To many scholars, Hezekiah is also credited as having written all or some of the Book of Kohelet (Ecclesiastes in the Christian tradition), in particular the famously enigmatic epilogue. Notably, the epilogue appears to refer to the Ark story with references to almond blossoms (i.e., Aaron's rod), locusts, silver, and gold.

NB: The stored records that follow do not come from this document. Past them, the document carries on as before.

Lemma ratv_sum (n : nat) (I : finType) (A : pred I) (f : I -> 'rV[int]_n) :
  ratv (\sum_(i in A) f i) = \sum_(i in A) ratv (f i).
Proof.
apply/rowP => j; rewrite /ratv mxE !summxE.
rewrite (rmorph_sum (intmul (1 : rat) : {rmorphism int -> rat})).
by apply: eq_bigr => i _; rewrite mxE.
Qed.

(* The generators of a smooth cone are linearly independent over Q, so the
   coefficients of a point of the cone are unique. *)
Lemma smooth_unique {n : nat} {R : finType} {u : R -> 'rV[int]_n} {T : {set R}}
  {a b : R -> rat} : smooth_cone u T ->
  \sum_(rho in T) a rho *: ratv (u rho) = \sum_(rho in T) b rho *: ratv (u rho) ->
  forall rho, rho \in T -> a rho = b rho.
Proof.
move=> [g [B [Bu [ginj Brow]]]] E rho0 Hr0.
set Bq := map_mx (fun z : int => z%:~R : rat) B.
have Bqu : Bq \in unitmx.
  rewrite unitmxE; have -> : \det Bq = (\det B)%:~R by rewrite /Bq -det_map_mx.
  by apply: (rmorph_unit (intmul (1 : rat) : {rmorphism int -> rat})); rewrite -unitmxE.
have rowBq rho : rho \in T -> ratv (u rho) *m invmx Bq = delta_mx 0 (g rho).
  move=> HT; rewrite -Brow // /ratv map_row -/Bq -row_mul mulmxV //.
  exact: row1.
(* coordinate g rho0 in the basis B reads off the coefficient of rho0 *)
have coord (e : R -> rat) :
    ((\sum_(rho in T) e rho *: ratv (u rho)) *m invmx Bq) 0 (g rho0) = e rho0.
  rewrite mulmx_suml summxE (bigD1 rho0) //= big1 ?addr0.
    by rewrite -scalemxAl rowBq // !mxE !eqxx mulr1.
  move=> rho /andP [HT Hne]; rewrite -scalemxAl rowBq // !mxE eqxx /=.
  case: eqP => [Heq|]; last by rewrite mulr0.
  by move: Hne; rewrite (ginj _ _ HT Hr0 (esym Heq)) eqxx.
by rewrite -(coord a) E coord.
Qed.

Lemma smooth_interior_face {n : nat} {R : finType} {u : R -> 'rV[int]_n}
  {T S : {set R}} {a : R -> rat} : smooth_cone u T ->
  (forall rho, rho \in T -> 0 < a rho) ->
  in_cone u (T :&: S) (\sum_(rho in T) a rho *: ratv (u rho)) -> T \subset S.
Proof.
move=> hT ha [b [_ Hx]].
have Hx' : \sum_(rho in T) a rho *: ratv (u rho) =
    \sum_(rho in T) (if rho \in S then b rho else 0) *: ratv (u rho).
  rewrite Hx [LHS]big_mkcond [RHS]big_mkcond; apply: eq_bigr => rho _.
  by rewrite in_setI; case: (rho \in T); case: (rho \in S); rewrite ?scale0r.
apply/subsetP => rho HT; have := smooth_unique hT Hx' _ HT.
by case: (rho \in S) => // Ha; move: (ha _ HT); rewrite Ha ltxx.
Qed.

(* For a primitive collection P with sum_P u = sum_S c u (c > 0 on the cone S),
   P and S are disjoint: otherwise removing a common ray rho0 from P gives a
   cone Q whose barycenter also lies in S, so Q and then P would lie in S. *)
Lemma primitive_disjoint {n : nat} {R : finType} {u : R -> 'rV[int]_n}
  {F : {set {set R}}} (hfan : smooth_complete_fan u F)
  {P : {set R}} (hP : primitive_collection F P)
  {S : {set R}} {c : R -> int} (hS : S \in F)
  (hc : forall rho, rho \in S -> 0 < c rho)
  (hsum : \sum_(rho in P) u rho = \sum_(rho in S) c rho *: u rho) :
  forall rho, rho \in P -> rho \in S -> False.
Proof.
move=> rho0 HP0 HS0; set Q := P :\ rho0.
have HQ : Q \in F by apply: hP.2; rewrite properD1.
set x := \sum_(rho in Q) 1 *: ratv (u rho).
have hPx : \sum_(rho in P) ratv (u rho) = ratv (u rho0) + x.
  rewrite (bigD1 rho0) //=; congr (_ + _); apply: eq_big => rho.
    by rewrite /Q in_setD1 andbC.
  by rewrite scale1r.
have hSx : in_cone u S x.
  exists (fun rho => if rho \in S then (c rho)%:~R - (rho == rho0)%:R else 0); split.
    move=> rho; case: ifP => // HS; rewrite subr_ge0.
    apply: (le_trans (y := 1)); first by case: eqP.
    by rewrite ler1z -gtz0_ge1 hc.
  apply: (addrI (ratv (u rho0))); rewrite -hPx -ratv_sum hsum ratv_sum.
  rewrite (bigD1 rho0) //= [in X in _ = X](bigD1 rho0) //= HS0 eqxx addrA.
  rewrite scalerBl scale1r subrKC ratvZ; congr (_ + _).
  apply: eq_bigr => rho /andP [-> /negbTE ->]; by rewrite subr0 ratvZ.
have QS : Q \subset S.
  have hQx : in_cone u Q x by exists (fun => 1).
  apply: (smooth_interior_face (u := u) (a := fun => 1)) => //.
    exact (fan_smooth hfan HQ).
  exact (fan_inter hfan HQ hS hQx hSx).
have PS : P \subset S.
  apply/subsetP => rho HPr; case: (eqVneq rho rho0) => [->|Hne] //.
  by apply: (subsetP QS); rewrite /Q in_setD1 Hne.
by move: hP.1; rewrite (fan_faces hfan hS PS).
Qed.

Lemma sum_ind (R : finType) (k : nat) (A : {set R}) (f : R -> 'rV[int]_k) :
  \sum_rho (if rho \in A then 1 else 0 : int) *: f rho = \sum_(rho in A) f rho.
Proof.
rewrite [RHS]big_mkcond; apply: eq_bigr => rho _.
by case: (rho \in A); rewrite ?scale1r ?scale0r.
Qed.

Lemma prim_sum (R : finType) (k : nat) (P S : {set R}) (c : R -> int)
  (f : R -> 'rV[int]_k) :
  \sum_rho prim_rel P S c rho *: f rho
  = \sum_(rho in P) f rho - \sum_(rho in S) c rho *: f rho.
Proof.
rewrite -sum_ind [X in _ - X]big_mkcond -sumrB; apply: eq_bigr => rho _.
by rewrite /prim_rel scalerBl; case: (rho \in S); rewrite ?scale0r.
Qed.

Lemma Aext_split (n r : nat) (R : finType) (u : R -> 'rV[int]_n) (part : R -> 'I_r)
  (l : (R + 'I_r)%type -> int) :
  Aext u part l = \sum_rho l (inl rho) *: nu u part (inl rho)
                + \sum_(i < r) l (inr i) *: nu u part (inr i).
Proof. by rewrite /Aext big_sumType. Qed.

Lemma Aext_coord {n r : nat} {R : finType} (u : R -> 'rV[int]_n) (part : R -> 'I_r)
  (l : (R + 'I_r)%type -> int) (i : 'I_r) :
  Aext u part l 0 (rshift n i)
  = \sum_rho l (inl rho) * (if part rho == i then 1 else 0) + l (inr i).
Proof.
rewrite Aext_split mxE !summxE; congr (_ + _).
  by apply: eq_bigr => rho _; rewrite mxE /= row_mxEr mxE eqxx /= eq_sym; case: eqP.
rewrite (bigD1 i) //= big1 ?addr0; first by rewrite mxE row_mxEr mxE !eqxx mulr1.
by move=> j Hj; rewrite mxE row_mxEr mxE eqxx eq_sym (negbTE Hj) mulr0.
Qed.

Lemma Aext_forget_inj {n r : nat} {R : finType} {u : R -> 'rV[int]_n}
  {part : R -> 'I_r} {l l' : (R + 'I_r)%type -> int} :
  Aext u part l = Aext u part l' -> (forall rho, forget l rho = forget l' rho) ->
  forall k, l k = l' k.
Proof.
move=> EA Ef [rho|i]; first exact: Ef.
have := Aext_coord u part l i; rewrite EA Aext_coord.
under [X in _ = X + _]eq_bigr => rho _ do rewrite -[l (inl rho)]/(forget l rho) Ef.
by move/addrI.
Qed.

Lemma dot_sum (n : nat) (R : finType) (m : 'rV[int]_n) (f : R -> int)
  (v : R -> 'rV[int]_n) :
  dot m (\sum_rho f rho *: v rho) = \sum_rho f rho * dot m (v rho).
Proof.
rewrite /dot raddf_sum mulmx_sumr summxE; apply: eq_bigr => rho _.
by rewrite /= !mxE mulr_sumr; apply: eq_bigr => j _; rewrite !mxE mulrCA.
Qed.

Lemma dot0 (n : nat) (m : 'rV[int]_n) : dot m 0 = 0.
Proof. by rewrite /dot trmx0 mulmx0 mxE. Qed.

Lemma exists_maximal_cone {R : finType} {F : {set {set R}}} {S : {set R}} :
  S \in F -> exists M, maximal_cone F M /\ S \subset M.
Proof.
move=> hS.
pose above (T : {set R}) := (T \in F) && (S \subset T).
have aboveS : above S by rewrite /above hS subxx.
case: (@arg_maxnP _ S above (fun T => #|T|) aboveS) => M /andP [HM SM] Hmax.
exists M; split => //; split => // T HT MT.
apply/eqP; rewrite eq_sym eqEcard MT /=; apply: Hmax.
by rewrite /above HT (subset_trans SM MT).
Qed.

(* Nef divisors have nonnegative degree on relations that are nonnegative off
   a cone: if sum l u = 0 with l >= 0 outside S in F and D = sum a D_rho is
   nef, then sum l a >= 0.  Take m supporting D on a maximal cone containing
   S; then a + <m,u> vanishes on S and is nonnegative everywhere. *)
Lemma nef_degree_ge0 {n : nat} {R : finType} {u : R -> 'rV[int]_n}
  {F : {set {set R}}} {a l : R -> int} {S : {set R}} :
  nef u F a -> S \in F -> \sum_rho l rho *: u rho = 0 ->
  (forall rho, rho \notin S -> 0 <= l rho) -> 0 <= \sum_rho l rho * a rho.
Proof.
move=> ha hS hrel hl.
have [M [HM SM]] := exists_maximal_cone hS; have [m [hm1 hm2]] := ha M HM.
have -> : \sum_rho l rho * a rho = \sum_rho l rho * (a rho + dot m (u rho)).
  by rewrite (eq_bigr _ (fun rho _ => mulrDr _ _ _)) big_split /= -dot_sum hrel dot0 addr0.
apply: sumr_ge0 => rho _; case: (boolP (rho \in S)) => HS.
  by rewrite (hm1 _ (subsetP SM _ HS)) subrr mulr0.
by apply: mulr_ge0; [exact: hl | have := hm2 rho; rewrite -subr_ge0 opprK addrC].
Qed.

Lemma max_sub_disjoint {b s : int} :
  0 <= b -> 0 <= s -> b = 0 \/ s = 0 -> Num.max (b - s) 0 = b /\ Num.max (s - b) 0 = s.
Proof.
move=> hb hs [->|->]; rewrite ?sub0r ?subr0.
  by rewrite max_r ?oppr_le0 // max_l.
by rewrite max_l // max_r ?oppr_le0.
Qed.

Theorem mainTheorem3 (n r : nat) (R : finType) (u : R -> 'rV[int]_n)
  (F : {set {set R}}) (part : R -> 'I_r)
  (hfan : smooth_complete_fan u F) (hproj : projective u F)
  (hnef : forall i : 'I_r, nef u F (fun rho => if part rho == i then 1 else 0))
  (P : {set R}) (hP : primitive_collection F P)
  (S : {set R}) (c : R -> int) (hS : S \in F)
  (hc : forall rho, rho \in S -> 0 < c rho)
  (hsum : \sum_(rho in P) u rho = \sum_(rho in S) c rho *: u rho)
  (c0 : 'I_r -> int)
  (hc0 : \sum_(rho in P) nu u part (inl rho)
         = \sum_(rho in S) c rho *: nu u part (inl rho)
           + \sum_(i < r) c0 i *: nu u part (inr i)) :
  let d : (R + 'I_r)%type -> int :=
    fun k => match k with inl rho => prim_rel P S c rho | inr i => - c0 i end in
  [/\ Aext u part d = 0,
      (forall rho, forget d rho = prim_rel P S c rho),
      (forall l, Aext u part l = 0 -> (forall rho, forget l rho = prim_rel P S c rho) ->
         forall k, l k = d k),
      (forall k, lplus d k =
         match k with inl rho => (if rho \in P then 1 else 0) | inr _ => 0 end)
    & (forall k, lminus d k =
         match k with inl rho => (if rho \in S then c rho else 0) | inr i => c0 i end)].
Proof.
move=> d.
have hAd : Aext u part d = 0.
  rewrite Aext_split /d /= prim_sum hc0; under eq_bigr => i _ do rewrite scaleNr.
  by rewrite sumrN addrAC addrK subrr.
(* c0 i is the E_i-degree of the primitive relation, hence nonnegative *)
have c0_ge0 (i : 'I_r) : 0 <= c0 i.
  have := Aext_coord u part d i; rewrite hAd mxE => /eqP; rewrite eq_sym addr_eq0.
  rewrite opprK => /eqP <-; apply: (nef_degree_ge0 (hnef i) hS).
    by rewrite prim_sum hsum subrr.
  by move=> rho /negbTE HS; rewrite /d /prim_rel HS subr0; case: ifP.
(* on the rays d = [P] - c [S] with disjoint supports; on (i,0), d = - c0 i *)
have hsigns k : lplus d k =
    match k with inl rho => (if rho \in P then 1 else 0) | inr _ => 0 end /\
  lminus d k = match k with inl rho => (if rho \in S then c rho else 0) | inr i => c0 i end.
  case: k => [rho|i]; rewrite /lplus /lminus /d; last first.
    by rewrite opprK max_r ?oppr_le0 // max_l.
  rewrite /prim_rel opprB; apply: max_sub_disjoint; first by case: ifP.
    by case: ifP => // /hc /ltW.
  case HP: (rho \in P); last by left.
  by right; case: ifP => // /(primitive_disjoint hfan hP hS hc hsum _ HP).
split=> // [l hl hf | k | k].
  by apply: (Aext_forget_inj (u := u) (part := part)); [exact: etrans hl (esym hAd) | exact: hf].
  exact: (hsigns k).1.
exact: (hsigns k).2.
Qed.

The epilogue then cryptically refers to a pitcher broken at a fountain and a wheel broken at a cistern.

Although scholars disagree on whether the Pool of Siloam's pure spring waters were used by pilgrims for ritual purification, many scholars agree that a stepped pilgrimage road between the pool and the Temple had been built in the first century AD. This roadway has been partially excavated, but the west side of the Pool of Siloam remained unexcavated, as of 2016.

===The invasion of the Kingdom of Babylon===
In 587 BC, when the Babylonians destroyed Jerusalem, an ancient Greek version of the biblical third Book of Ezra, 1 Esdras, suggests that Babylonians took away the vessels of the ark of God, but does not mention taking away the Ark:

And they took all the holy vessels of the Lord, both great and small, with the vessels of the ark of God, and the king's treasures, and carried them away into Babylon

In Rabbinic literature, the final disposition of the Ark is disputed. Some rabbis hold that it must have been carried off to Babylon, while others hold that it must have been hidden lest it be carried off into Babylon and never brought back. A late 2nd-century rabbinic work known as the Tosefta states the opinions of these rabbis that Josiah, the king of Judah, stored away the Ark, along with the jar of manna, and a jar containing the holy anointing oil, the rod of Aaron which budded and a chest given to Israel by the Philistines.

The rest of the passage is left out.